The agricultural sector continues to be the largest consumer of useful water. Despite knowing the volume of water required by plants (evapotranspiration), methodologies must be adapted to current production systems. Based on the energy balance (radiation), it is feasible to establish models to estimate evapotranspiration depending on the production system: extensive crops, closed, and interior systems. The objective of this work was to present related research to measure and model the evapotranspiration of crops under current production techniques, based on the energy balance. The original FAO Penman–Monteith model is considered to be the model that best describes the evapotranspiration process, and with advances in instrumentation, there are sensors capable of measuring each of the variables it contains. From this model, procedures have been approximated for its use in extensive crops through remote sensing to calculate evapotranspiration, which jointly integrates the climatic variables and the type and age of the crop, with which real evapotranspiration is obtained.
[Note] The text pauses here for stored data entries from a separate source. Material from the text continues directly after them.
Lemma connected_connect : connected G -> forall x y, connect adj x y.
Proof.
move=> cG x y; have := ncomp_on_le1 (in_setT x).
rewrite -/(ncomp G) cG => /esym/forall_inP/(_ y (in_setT y)).
by rewrite (eq_connect restrT).
Qed.

Lemma connect_connected h : (forall x, connect adj h x) -> connected G.
Proof.
move=> hub; apply/eqP; rewrite eqn_leq (ncomp_on_le1 (in_setT h)); apply/andP; split.
  by apply/forall_inP => x _; rewrite (eq_connect restrT).
apply/card_gt0P; exists (root (restr [set: V]) h).
by rewrite !inE /= andbT (roots_root (connect_restr_sym _)).
Qed.

Lemma connect_last_step u v : connect adj u v -> u != v ->
  exists2 w, adj w v & connect (restr [set~ v]) u w.
Proof.
case/connectP=> p + ->; elim: p u => [|z p IH] u /=; first by rewrite eqxx.
case/andP=> uz zp uv; case: (eqVneq z (last z p)) => [zv|zv].
  by exists u; [rewrite -zv | exact: connect0].
have [w wv zw] := IH z zp zv; exists w => //.
by apply: connect_trans zw; apply: connect1; rewrite /restr !inE uv zv.
Qed.

Lemma sdeg_ge2E : connected G -> forall v x : V, x != v ->
  (Posz 2 <= sdeg v)%R = [exists u in [set~ v], ~~ connect (restr [set~ v]) x u].
Proof.
move=> cG v x xv.
have -> : sdeg v = Posz (ncomp_del v) by rewrite /sdeg cG GRing.addrNK.
by rewrite lez_nat ltnNge (@ncomp_on_le1 _ x) ?inE // negb_forall_in.
Qed.

End Connectivity.

Definition clique (T : finType) (e : rel T) (B : {set T}) :=
  {in B &, forall x y, x != y -> e x y}.
Definition stable (T : finType) (e : rel T) (B : {set T}) :=
  clique [rel x y | ~~ e x y] B.

Lemma clique_setU1 (T : finType) (e : rel T) a B : symmetric e -> clique e B ->
  {in B, forall x, e a x} -> clique e (a |: B).
Proof.
move=> e_sym cB aB x y; rewrite !inE => /predU1P[->|xB] /predU1P[->|yB] xy.
- by rewrite eqxx in xy.
- exact: aB.
- by rewrite e_sym; apply: aB.
- exact: cB.
Qed.

Section Ramsey.
Variables (T : finType) (e : rel T).
Hypothesis e_sym : symmetric e.

Lemma ramsey k : forall s t (A : {set T}), s + t = k -> 2 ^ k <= #|A| ->
  exists2 B : {set T}, B \subset A &
    (s <= #|B| /\ clique e B) \/ (t <= #|B| /\ stable e B).
Proof.
have clique0 e' : clique e' set0 by move=> x; rewrite inE.
have ne_sym : symmetric [rel x y | ~~ e x y] by move=> x y /=; rewrite e_sym.
elim: k => [|k IH] s t A st_k A_big.
  by exists set0; rewrite ?sub0set //; left; split; [lia | exact: clique0].
case: s st_k => [|s] st_k.
  by exists set0; rewrite ?sub0set //; left; split; [lia | exact: clique0].
case: t st_k => [|t] st_k.
  by exists set0; rewrite ?sub0set //; right; split; [lia | exact: clique0].
have [a aA] : exists a, a \in A by apply/card_gt0P; rewrite (leq_trans _ A_big) ?expn_gt0.
set N := (A :\ a) :&: [set x | e a x]; set M := (A :\ a) :\: [set x | e a x].
have NA : N \subset A by apply: subset_trans (subsetIl _ _) (subsetDl _ _).
have MA : M \subset A by apply: subset_trans (subsetDl _ _) (subsetDl _ _).
have aN : a \notin N by rewrite !inE eqxx.
have aM : a \notin M by rewrite !inE eqxx andbF.
have [N_big|M_big] : 2 ^ k <= #|N| \/ 2 ^ k <= #|M|.
  have : #|N| + #|M| = #|A|.-1 by rewrite cardsID (cardsD1 a A) aA.
  by move: A_big; rewrite expnS; lia.
- have [B BN [[sB cB]|[tB sB]]] := IH s t.+1 N ltac:(lia) N_big; last first.
    by exists B; [exact: subset_trans BN NA | right].
  exists (a |: B); first by rewrite subUset sub1set aA (subset_trans BN NA).
  left; split; first by rewrite cardsU1 (contra (subsetP BN a) aN).
  by apply: clique_setU1 => // x /(subsetP BN); rewrite !inE => /andP[].
- have [B BM [[sB cB]|[tB sB]]] := IH s.+1 t M ltac:(lia) M_big.
    by exists B; [exact: subset_trans BM MA | left].
  exists (a |: B); first by rewrite subUset sub1set aA (subset_trans BM MA).
  right; split; first by rewrite cardsU1 (contra (subsetP BM a) aM).
  by apply: clique_setU1 => // x /(subsetP BM); rewrite !inE => /andP[].
Qed.

End Ramsey.

Lemma card_le_double_outdeg (T : finType) (a : rel T) (Z : {set T}) m :
  {in Z &, forall i j, a i j || a j i} ->
  {in Z, forall i, #|[set j in Z | a i j]| <= m} -> #|Z| <= m.*2.
Proof.
move=> cover outdeg.
have pairs : #|Z| * #|Z| <= \sum_(i in Z) \sum_(j in Z) (a i j + a j i).
  rewrite -[X in X * _]sum1_card big_distrl /=; apply: leq_sum => i iZ.
  rewrite mul1n -sum1_card; apply: leq_sum => j jZ.
  by have := cover i j iZ jZ; case: (a i j); case: (a j i).
have pairs_sym : \sum_(i in Z) \sum_(j in Z) (a i j + a j i) =
                 (\sum_(i in Z) \sum_(j in Z) (a i j : nat)).*2.
  rewrite -addnn [X in _ = _ + X]exchange_big -big_split /=.
  by apply: eq_bigr => i _; rewrite big_split.
have out_sum : \sum_(i in Z) \sum_(j in Z) (a i j : nat) <= #|Z| * m.
  rewrite -sum1_card big_distrl /=; apply: leq_sum => i iZ.
  rewrite mul1n -big_mkcondr /= sum1_card; apply: leq_trans (outdeg i iZ).
  by apply/eq_leq/eq_card => j; rewrite !inE.
nia.
Qed.

Lemma pigeonhole_levels (T : finType) (S : {set T}) (d : T -> nat) (f : nat -> nat) n :
  (forall x, d x < n) -> \sum_(l < n) f l < #|S| ->
  exists2 l, l < n & f l < #|[set x in S | d x == l]|.
Proof.
move=> d_lt S_big; have [/existsP[l hl]|none] :=
  boolP [exists l : 'I_n, f l < #|[set x in S | d x == l]|]; first by exists l.
move: S_big; rewrite ltnNge => /negP; case.
have -> : #|S| = \sum_(l < n) #|[set x in S | d x == l]|.
  rewrite -sum1_card (partition_big (fun x => Ordinal (d_lt x)) xpredT) //=.
  by apply: eq_bigr => l _; rewrite -sum1_card; apply: eq_bigl => x; rewrite !inE -val_eqE.
apply: leq_sum => l _; rewrite leqNgt; apply: contra none => hl.
by apply/existsP; exists l.
Qed.
Lemma preceded_drop (i Y : nat) : Y <= size v ->
  (forall k, k < size v -> seen k i <-> k < Y) ->
  preceded d v X i <-> X i \notin drop Y.+1 v.
Proof.
move=> Y_le seenE; split=> [Hi | Hnot k k_lt Xi].
- apply/negP => /(mem_dropP d) [[|k] // /andP [Yk k_lt] Xi].
  have /(seenE k (ltnW k_lt)) := Hi k k_lt Xi.
  by rewrite ltnNge -ltnS Yk.
- apply/(seenE k (ltnW k_lt)); rewrite ltnNge; apply: contra Hnot => Yk.
  by apply/(mem_dropP d); exists k.+1; rewrite ?ltnS ?Yk.
Qed.

Lemma state_seen (i : nat) : (forall j, j < i -> preceded d v X j) ->
  state i <= size v /\ (forall k, k < size v -> seen k i <-> k < state i).
Proof.
elim: i => [_ | i IH Hprec]; first by split=> // k _; split=> // [[]].
have [Y_le seenE] := IH (fun j ji => Hprec j (ltnW ji)).
have X_notin := proj1 (preceded_drop Y_le seenE) (Hprec i (ltnSn i)).
have seen_lift k : seen k i -> seen k i.+1.
  by case=> j ji Xj; exists j => //; apply: ltnW.
have seen_last k : seen k i.+1 -> seen k i \/ X i = nth d v k.
  by case=> j; rewrite ltnS leq_eqVlt => /orP [/eqP -> | ji] Xj; [right | left; exists j].
rewrite /= /step; case: ifPn => [/andP [Y_lt /eqP Xi] | Hstep].
- split=> // k k_lt; split=> [/seen_last [/(seenE k k_lt) /ltnW // | Xik] | ].
  + move: Xik; rewrite Xi => /eqP; rewrite nth_uniq // => /eqP ->; exact: ltnSn.
  + rewrite ltnS leq_eqVlt => /orP [/eqP -> | kY]; first by exists i.
    by apply/seen_lift/(seenE k k_lt).
- split=> // k k_lt; split=> [/seen_last [/(seenE k k_lt) // | Xik] | ].
  + case: (ltngtP k (state i)) => // [Yk | kY].
    * by case/negP: X_notin; apply/(mem_dropP d); exists k; rewrite ?Yk.
    * by move: Hstep; rewrite -kY k_lt Xik eqxx.
  + by move/(seenE k k_lt); apply: seen_lift.
Qed.
Lemma reduced_solution_C2_bounded : exists u1 u2 L P,
  (forall x, 0 <= x <= 1 -> f x (u0 x) = 0) /\ (forall t, continuity_pt u0 t) /\
  (forall x, 0 < x < 1 -> is_derive u0 x (u1 x) /\ is_derive u1 x (u2 x)) /\
  (forall x, 0 <= x <= 1 -> Rabs (u1 x) <= L) /\ (forall x, 0 <= x <= 1 -> Rabs (u2 x) <= P).
Proof.
  destruct (bounded_on_01 _ reduced_d1_continuous) as [L HL].
  destruct (bounded_on_01 _ reduced_d2_continuous) as [P HP].
  exists reduced_d1, reduced_d2, L, P.
  split; [exact reduced_root|]; split; [exact reduced_continuous|].
  split; [|split; [exact HL | exact HP]].
  intros x Hx; split; [apply is_derive_Reals, reduced_derivative, Hx|].
  apply reduced_d1_derivative, Hx.
Qed.

End ReducedSolution.

Lemma exp_le_compat a b : a <= b -> exp a <= exp b.
Proof.
  intros H; destruct (Rle_lt_or_eq_dec _ _ H) as [Hlt| ->];
    [left; apply exp_increasing, Hlt | right; reflexivity].
Qed.

Lemma tanh_half_exp t : tanh (t / 2) = 1 - 2 / (exp t + 1).
Proof.
  assert (Et : exp t = exp (t / 2) * exp (t / 2))
    by (rewrite <- exp_plus; f_equal; field).
  pose proof (exp_pos (t / 2)).
  unfold tanh, sinh, cosh; rewrite Et, exp_Ropp; field; nra.
Qed.

Lemma tanh_half_bounds t : 0 < t -> 0 < tanh (t / 2) < 1.
Proof.
  intros Ht; rewrite tanh_half_exp.
  pose proof (exp_ineq1 t ltac:(lra)); pose proof (exp_pos t).
  assert (0 < 2 / (exp t + 1)) by (apply Rdiv_lt_0_compat; lra).
  assert (2 / (exp t + 1) < 1).
  { apply Rmult_lt_reg_r with (exp t + 1); [lra|].
    unfold Rdiv; rewrite Rmult_assoc, Rinv_l; lra. }
  lra.
Qed.

Lemma tanh_half_le s t : s <= t -> tanh (s / 2) <= tanh (t / 2).
Proof.
  intros Hst; rewrite !tanh_half_exp.
  pose proof (exp_le_compat s t Hst); pose proof (exp_pos s); unfold Rdiv.
  apply Rplus_le_compat_l, Ropp_le_contravar, Rmult_le_compat_l, Rinv_le_contravar; lra.
Qed.

Lemma coth_sub_csch b t : 0 < t -> b / tanh t - b / sinh t = b * tanh (t / 2).
Proof.
  intros Ht; rewrite tanh_half_exp.
  pose proof (exp_ineq1 t ltac:(lra)); pose proof (exp_pos t).
  unfold tanh, sinh, cosh; rewrite exp_Ropp; field; repeat split; nra.
Qed.

Lemma id_le_sinh t : 0 <= t -> t <= sinh t.
Proof.
  intros Ht; destruct (Rle_lt_or_eq_dec _ _ Ht) as [Hlt|<-]; [|rewrite sinh_0; lra].
  destruct (MVT_cor2 sinh cosh 0 t Hlt) as [c [E _]];
    [intros c _; apply derivable_pt_lim_sinh|].
  rewrite sinh_0, !Rminus_0_r in E.
  assert (1 <= cosh c).
  { unfold cosh; rewrite exp_Ropp; pose proof (exp_pos c).
    apply Rmult_le_reg_r with (2 * exp c); [lra|].
    replace ((exp c + / exp c) / 2 * (2 * exp c)) with (exp c * exp c + 1) by (field; lra).
    pose proof (pow2_ge_0 (exp c - 1)); nra. }
  nra.
Qed.

Lemma csch_coef_le b h : 0 < b -> 0 < h -> b / sinh (b * h) <= 1 / h.
Proof.
  intros Hb Hh; assert (Hbh : 0 < b * h) by nra.
  pose proof (id_le_sinh (b * h) ltac:(lra)).
  apply Rmult_le_reg_r with (h * sinh (b * h)); [nra|].
  replace (b / sinh (b * h) * (h * sinh (b * h))) with (b * h) by (field; lra).
  replace (1 / h * (h * sinh (b * h))) with (sinh (b * h)) by (field; lra); lra.
Qed.
Definition gamma_h (p lam b : R) (Sigma : R -> R) (t : R) : R :=
  Sigma t * int_from_minfty (fun s => f_b p lam b s * Derive (Theta_h p) s * Theta_h p s) t
  - Derive (Theta_h p) t * int_from_minfty (fun s => f_b p lam b s * Sigma s * Theta_h p s) t.

Definition is_Sigma (p : R) (Sigma : R -> R) : Prop :=
  (forall t, ex_derive Sigma t) /\
  (forall t, ex_derive (Derive Sigma) t) /\
  (forall t, Derive_n Sigma 2 t - / p ^ 2 * Sigma t
             + (2 * p + 1) * Rpower (Theta_h p t) (2 * p) * Sigma t = 0) /\
  (forall t, Derive (Theta_h p) t * Derive Sigma t
             - Derive_n (Theta_h p) 2 t * Sigma t = 1).

Definition bound_small (p lam b t a : R) : R :=
  (Rabs lam * Rpower b (-2 * p * (1 - a)) + Rpower b (-4 * p * (1 - a))) * exp (- t / p)
  + (Rabs lam * Rpower b (-2 * p) + Rpower b (-4 * p)) * exp (t / p).

Definition bound_large (p lam b t a : R) : R :=
  (Rabs lam * Rpower b (-2 * p * (1 - a)) + Rpower b (-4 * p * (1 - a))) * exp (- t / p)
  + (Rabs lam * Rpower b (-2 * p) + Rpower b (-4 * p * (1 - a))) * exp (t / p).

From Stdlib Require Import Reals Lra Psatz.
From Coquelicot Require Import Coquelicot.
Open Scope R_scope.

(* Write Theta = Theta_h.  From the closed form Theta = exp(t/p) (1 + alpha e^{2t})^{-1/p}
   we get Theta' = Theta psi and Theta'' = Theta (psi^2 + psi') with |psi|, |psi'| <= 1/p,
   Theta <= min(e^{t/p}, A e^{-t/p}), and |Theta'| >= c e^{-|t|/p} outside a compact
   interval.  The Wronskian identity says (Sigma / Theta')' = 1 / Theta'^2 wherever
   Theta' <> 0; integrating this on the two tails and using compactness in the middle
   gives |Sigma|, |Sigma'| <= S (e^{t/p} + e^{-t/p}).

   Next, the integrands g1 = f_b Theta' Theta and g2 = f_b Sigma Theta are O(e^{2s}) at
   -oo, so the improper integrals J1, J2 exist, split as L + int_0^t, and differentiate
   to g1, g2.  Since Sigma g1 = Theta' g2 the product rule gives
   gamma_h = Sigma J1 - Theta' J2 and gamma_h' = Sigma' J1 - Theta'' J2.
   Bounding J1, J2 for t >= 0 by explicit exponential integrals, and then using
   t <= T + a p log b to trade e^{kt} b^{-kp} for e^{4T} b^{-kp(1-a)}, yields the two
   estimates with b0 = 1 and a constant C depending only on p, T and Sigma. *)

Lemma exp_le_mono x y : x <= y -> exp x <= exp y.
Proof. intros [H|H]; [left; apply exp_increasing; exact H | subst; lra]. Qed.
(* Under the standing assumptions, suppose that $$\operatorname{epi}(f-g+\delta_A)^c\cap B=\Lambda\cap B.$$ Then the following are equivalent: (i) strong duality holds for $(P)-(D^F)$; (ii) strong duality holds for $(P)-(\bar D^F)$ and $\Omega\cap B=K\cap B$. (The implication (ii)$\Rightarrow$(i) holds even without the displayed hypothesis.)
   Context: Let $X$ be a nontrivial separated locally convex space with topological dual $X^*$, endowed with the topology $\sigma(X,X^* )$; $\langle x,x^*\rangle$ is the value of $x^*\in X^*$ at $x\in X$. Put $W:=X^*\times X^*\times\mathbb{R}$, $\mathbb{R}_{++}:=]0,+\infty[$ and $Z:=X^*\times X^*\times\mathbb{R}_{++}$. For $y^*\in X^*$, $\alpha\in\mathbb{R}$, let $H^-_{y^*,\alpha}:=\{x\in X:\langle x,y^*\rangle<\alpha\}$. The coupling function $c:X\times W\to\overline{\mathbb{R}}$ is $c(x,(x^*,y^*,\alpha)):=\langle x,x^*\rangle$ if $\langle x,y^*\rangle<\alpha$ and $:=+\infty$ otherwise. For $h:X\to\overline{\mathbb{R}}$ its $c$-conjugate is $h^c:W\to\overline{\mathbb{R}}$, $h^c(w):=\sup_{x\in X}\{c(x,w)-h(x)\}$, with the convention $(+\infty)+(-\infty)=(-\infty)+(+\infty)=(+\infty)-(+\infty)=(-\infty)-(-\infty)=-\infty$ (so for proper $h$, $h^c(x^*,y^*,\alpha)=h^*(x^* )$ if $\operatorname{dom}h\subseteq H^-_{y^*,\alpha}$ and $+\infty$ otherwise). Epigraphs of functions on $W$ are subsets of $W\times\mathbb{R}$. $\delta_A$ is the indicator function of $A$. For $E\subseteq W\times\mathbb{R}$ and $e\in W\times\mathbb{R}$, $E-e:=\{z-e:z\in E\}$. Standing assumptions: $f,g:X\to\overline{\mathbb{R}}$ proper convex with $\operatorname{dom}f\subseteq\operatorname{dom}g$, $A\subseteq X$ nonempty, convention $(+\infty)-(+\infty)=+\infty$ in $f-g$; $v(P)=\inf_{x\in X}\{f(x)-g(x)+\delta_A(x)\}$. With $\varphi(u^*,v^*,\gamma;x^*,y^*,\alpha):=g^c(u^*,v^*,\gamma)-f^c(u^*-x^*,-y^*,\alpha)-\delta_A^c(x^*,y^*,\alpha)$: $v(D^F):=\sup_{(x^*,y^*,\alpha)\in Z}\inf_{(u^*,v^*,\gamma)\in\operatorname{dom}g^c}\varphi$ and $v(\bar D^F):=\inf_{(u^*,v^*,\gamma)\in\operatorname{dom}g^c}\sup_{(x^*,y^*,\alpha)\in Z}\varphi$. Strong duality for $(P)-(D^F)$ means $v(P)=v(D^F)$ and there is $(\bar x^*,\bar y^*,\bar\alpha)\in\operatorname{dom}\delta_A^c$ with $\varphi(u^*,v^*,\gamma;\bar x^*,\bar y^*,\bar\alpha)\ge v(D^F)$ for all $(u^*,v^*,\gamma)\in\operatorname{dom}g^c$. Strong duality for $(P)-(\bar D^F)$ means $v(P)=v(\bar D^F)$ and for every $(u^*,v^*,\gamma)\in\operatorname{dom}g^c$ there is $(x^*,y^*,\alpha)\in\operatorname{dom}\delta_A^c$ with $\varphi(u^*,v^*,\gamma;x^*,y^*,\alpha)\ge v(\bar D^F)$. Sets: $B:=\{0\}\times\{0\}\times\mathbb{R}_{++}\times\mathbb{R}\subseteq W\times\mathbb{R}$; $\Lambda:=\bigcap_{(u^*,v^*,\gamma)\in\operatorname{dom}g^c}\Big[\operatorname{epi}(f+\delta_A)^c-\big(u^*,0,0,g^c(u^*,v^*,\gamma)\big)\Big]$; $\Omega:=\bigcup_{(x^*,y^*,\alpha)\in\operatorname{dom}\delta_A^c}\ \bigcap_{(u^*,v^*,\gamma)\in\operatorname{dom}g^c}\Big[\operatorname{epi}\big(f-c(\cdot,(-x^*,-y^*,\alpha))\big)^c-\big(u^*,0,0,g^c(u^*,v^*,\gamma)-\delta_A^c(x^*,y^*,\alpha)\big)\Big]$, $K:=\bigcap_{(u^*,v^*,\gamma)\in\operatorname{dom}g^c}\ \bigcup_{(x^*,y^*,\alpha)\in\operatorname{dom}\delta_A^c}\Big[\operatorname{epi}\big(f-c(\cdot,(-x^*,-y^*,\alpha))\big)^c-\big(u^*,0,0,g^c(u^*,v^*,\gamma)-\delta_A^c(x^*,y^*,\alpha)\big)\Big]$. *)

From HB Require Import structures.
From mathcomp Require Import all_boot all_order all_algebra.
From mathcomp Require Import all_classical all_reals all_analysis.
Set Implicit Arguments. Unset Strict Implicit. Unset Printing Implicit Defensive.
Import Order.TTheory GRing.Theory Num.Theory.
Import numFieldTopology.Exports.
Local Open Scope classical_set_scope.
Local Open Scope ring_scope.

Section DCDuality.
Variables (R : realType) (X : tvsType R).

(* Topological dual X^star : continuous linear functionals, represented as
   functions X -> R; <x, x^star> := x^star x.  (X^star is the same for the original
   topology and for sigma(X,X^star).) *)
Definition dualsp : set (X -> R) :=
  [set phi | (forall (a : R) (x y : X), phi (a *: x + y) = a * phi x + phi y)
             /\ continuous phi].

(* W := X^star x X^star x R ; points are ((x^star, y^star), alpha). *)
Definition Wt := ((X -> R) * (X -> R) * R)%type.
Definition Wset : set Wt := [set w | dualsp w.1.1 /\ dualsp w.1.2].
Definition Zset : set Wt := [set w | Wset w /\ 0 < w.2].

Definition coupling (x : X) (w : Wt) : \bar R :=
  if w.1.2 x < w.2 then (w.1.1 x)%:E else +oo%E.

(* c-conjugate; mathcomp's "-" on \bar R satisfies (+oo)-(+oo) = -oo and
   (-oo)-(-oo) = -oo, as required by the convention of the paper. *)
Definition cconj (h : X -> \bar R) (w : Wt) : \bar R :=
  ereal_sup [set (coupling x w - h x)%E | x in [set: X]].

(* difference of functions with the convention (+oo) - (+oo) = +oo
   (dual extended addition, +oo absorbing) *)
Definition fsub (f g : X -> \bar R) : X -> \bar R := fun x => (f x - g x)%dE.

Definition indic (A : set X) : X -> \bar R :=
  fun x => if `[< A x >] then 0%E else +oo%E.

Definition fadd (f g : X -> \bar R) : X -> \bar R := fun x => (f x + g x)%dE.

Definition domX (f : X -> \bar R) : set X := [set x | (f x < +oo)%E].

Definition properf (f : X -> \bar R) : Prop :=
  (forall x, f x != -oo%E) /\ exists x, (f x < +oo)%E.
The same Penman–Monteith model has been adapted for use in greenhouse crops, where given the reduced root space and being in a closed environment, it is possible to know the variables specifically. Keeping the root container saturated, crop transpiration will basically depend on the physiology of the plant (LAI, stomatal resistance, etc.) and the characteristics of the air (radiation, VPD, wind speed, etc.). Models based on computational fluid dynamics (CFD) have been developed, which predict the real evapotranspiration of the crop by activating the discrete ordinate (DO) radiation sub-model. For indoor crops, in the absence of solar radiation, and replaced with artificial lights (LEDs)—although it is true that they are hydroponic crops and water can be estimated through a balance of levels—it would be possible to use CFD to estimate transpiration by transforming flux units (Mmol) into radiation (W m−2). The transpiration of indoor crops works as a cooling system and stabilizes the environment of the plant factory or vertical farm. In each crop production system (from open field to indoor crops) models have been developed to manage water and microclimate. The result is reports that more than 90% of the water is saved.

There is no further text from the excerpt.